= Requirement =
Among the entries below, one line contains "(f : rel T) : Prop" and another contains "Definition rx3 (T". Transcribe those two lines and every line between them, exactly.

= Information provided =
(* Let $G$ and $H$ be connected graphs, not both complete, with $|V(G)|=s$, $|V(H)|=t$, $s\le t$ (and $t\ge 3$). Let $c_1=\max\{rx_3(G),rx_3(H)\}$ when both are defined. Then: (1) if $s=1$, then $rx_3(G\vee H)\le rx_3(H)+1$; (2) if $s=2$, then $rx_3(G\vee H)\le\min\{rc(H)+3,\ rx_3(K_{2,t})\}$; (3) if $3\le s\le t$, then $rx_3(G\vee H)\le\min\{c_1+1,\ rx_3(K_{s,t})\}$. In particular, if $s=t\ge 3$, then $rx_3(G\vee H)=rx_3(K_{s,t})=3$.
   Context: The join $G\vee H$ is obtained from the disjoint union of $G$ and $H$ by adding all edges joining every vertex of $G$ to every vertex of $H$. $K_{s,t}$ is the complete bipartite graph with parts of sizes $s,t$. An edge coloring may give adjacent edges the same color; a path (tree) is rainbow if its edges have pairwise distinct colors. $rc(H)$ is the minimum number of colors in an edge coloring of $H$ such that every two vertices are joined by a rainbow path. For a connected graph on at least $3$ vertices, $rx_3$ is the minimum number of colors in an edge coloring such that every set of $3$ vertices lies in some rainbow tree. *)

From Stdlib Require Import ClassicalEpsilon.
From mathcomp Require Import all_boot.
Set Implicit Arguments. Unset Strict Implicit. Unset Printing Implicit Defensive.

Definition simple_graph (T : finType) (g : rel T) : Prop :=
  irreflexive g /\ symmetric g.

Definition connected (T : finType) (g : rel T) : Prop :=
  forall x y : T, connect g x y.

Definition complete (T : finType) (g : rel T) : Prop :=
  forall x y : T, x != y -> g x y.

Definition join (T1 T2 : finType) (g : rel T1) (h : rel T2) : rel (T1 + T2) :=
  fun u v => match u, v with
             | inl x, inl y => g x y
             | inr x, inr y => h x y
             | _, _ => true
             end.

Definition Kbip (s t : nat) : rel ('I_s + 'I_t) :=
  fun u v => match u, v with
             | inl _, inr _ | inr _, inl _ => true
             | _, _ => false
             end.

Definition coloring (T : finType) (g : rel T) (c : T -> T -> nat) (k : nat) : Prop :=
  (forall x y, c x y = c y x) /\ (forall x y, g x y -> c x y < k).

Definition rainbow_path (T : finType) (g : rel T) (c : T -> T -> nat)
    (x y : T) (p : seq T) : Prop :=
  [/\ path g x p, last x p = y, uniq (x :: p) & uniq (pairmap c x p)].

(* (V, f) is a rainbow tree subgraph of g: f is a symmetric subrelation of g
   with all edges inside V, connected on V, with #|V|-1 (unordered) edges,
   and distinct edges receive distinct colors. *)
Definition rainbow_tree (T : finType) (g : rel T) (c : T -> T -> nat)
    (V : {set T}) (f : rel T) : Prop :=
  [/\ (forall x y, f x y -> g x y) /\ symmetric f,
      (forall x y, f x y -> (x \in V) && (y \in V)),
      (forall x y, x \in V -> y \in V -> connect f x y),
      #|[set e : T * T | f e.1 e.2]| = 2 * (#|V| - 1)
    & (forall x y u v, f x y -> f u v -> c x y = c u v ->
         (x = u /\ y = v) \/ (x = v /\ y = u))].

Definition rc_ok (T : finType) (g : rel T) (k : nat) : Prop :=
  exists c, coloring g c k /\
    forall x y : T, x != y -> exists p, rainbow_path g c x y p.

Definition rx3_ok (T : finType) (g : rel T) (k : nat) : Prop :=
  exists c, coloring g c k /\
    forall S : {set T}, #|S| = 3 ->
      exists (V : {set T}) (f : rel T), S \subset V /\ rainbow_tree g c V f.

(* Least natural number satisfying a Prop predicate (0 if none). *)
Definition pbool (P : Prop) : bool :=
  if excluded_middle_informative P then true else false.

Lemma ex_pbool (P : nat -> Prop) : (exists n, P n) -> exists n, pbool (P n).
Proof.
case=> n Pn; exists n; rewrite /pbool.
by case: (excluded_middle_informative (P n)).
Qed.

Definition least_nat (P : nat -> Prop) : nat :=
  match excluded_middle_informative (exists n, P n) with
  | left h => ex_minn (ex_pbool h)
  | right _ => 0
  end.

Definition rc (T : finType) (g : rel T) : nat := least_nat (rc_ok g).
Definition rx3 (T : finType) (g : rel T) : nat := least_nat (rx3_ok g).
Arguments Kbip s t : clear implicits.

From Stdlib Require Import ClassicalEpsilon.
From mathcomp Require Import all_boot zify.
Set Implicit Arguments. Unset Strict Implicit. Unset Printing Implicit Defensive.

= Reply to the task =
    (V : {set T}) (f : rel T) : Prop :=
  [/\ (forall x y, f x y -> g x y) /\ symmetric f,
      (forall x y, f x y -> (x \in V) && (y \in V)),
      (forall x y, x \in V -> y \in V -> connect f x y),
      #|[set e : T * T | f e.1 e.2]| = 2 * (#|V| - 1)
    & (forall x y u v, f x y -> f u v -> c x y = c u v ->
         (x = u /\ y = v) \/ (x = v /\ y = u))].

Definition rc_ok (T : finType) (g : rel T) (k : nat) : Prop :=
  exists c, coloring g c k /\
    forall x y : T, x != y -> exists p, rainbow_path g c x y p.

Definition rx3_ok (T : finType) (g : rel T) (k : nat) : Prop :=
  exists c, coloring g c k /\
    forall S : {set T}, #|S| = 3 ->
      exists (V : {set T}) (f : rel T), S \subset V /\ rainbow_tree g c V f.

(* Least natural number satisfying a Prop predicate (0 if none). *)
Definition pbool (P : Prop) : bool :=
  if excluded_middle_informative P then true else false.

Lemma ex_pbool (P : nat -> Prop) : (exists n, P n) -> exists n, pbool (P n).
Proof.
case=> n Pn; exists n; rewrite /pbool.
by case: (excluded_middle_informative (P n)).
Qed.

Definition least_nat (P : nat -> Prop) : nat :=
  match excluded_middle_informative (exists n, P n) with
  | left h => ex_minn (ex_pbool h)
  | right _ => 0
  end.

Definition rc (T : finType) (g : rel T) : nat := least_nat (rc_ok g).
Definition rx3 (T : finType) (g : rel T) : nat := least_nat (rx3_ok g).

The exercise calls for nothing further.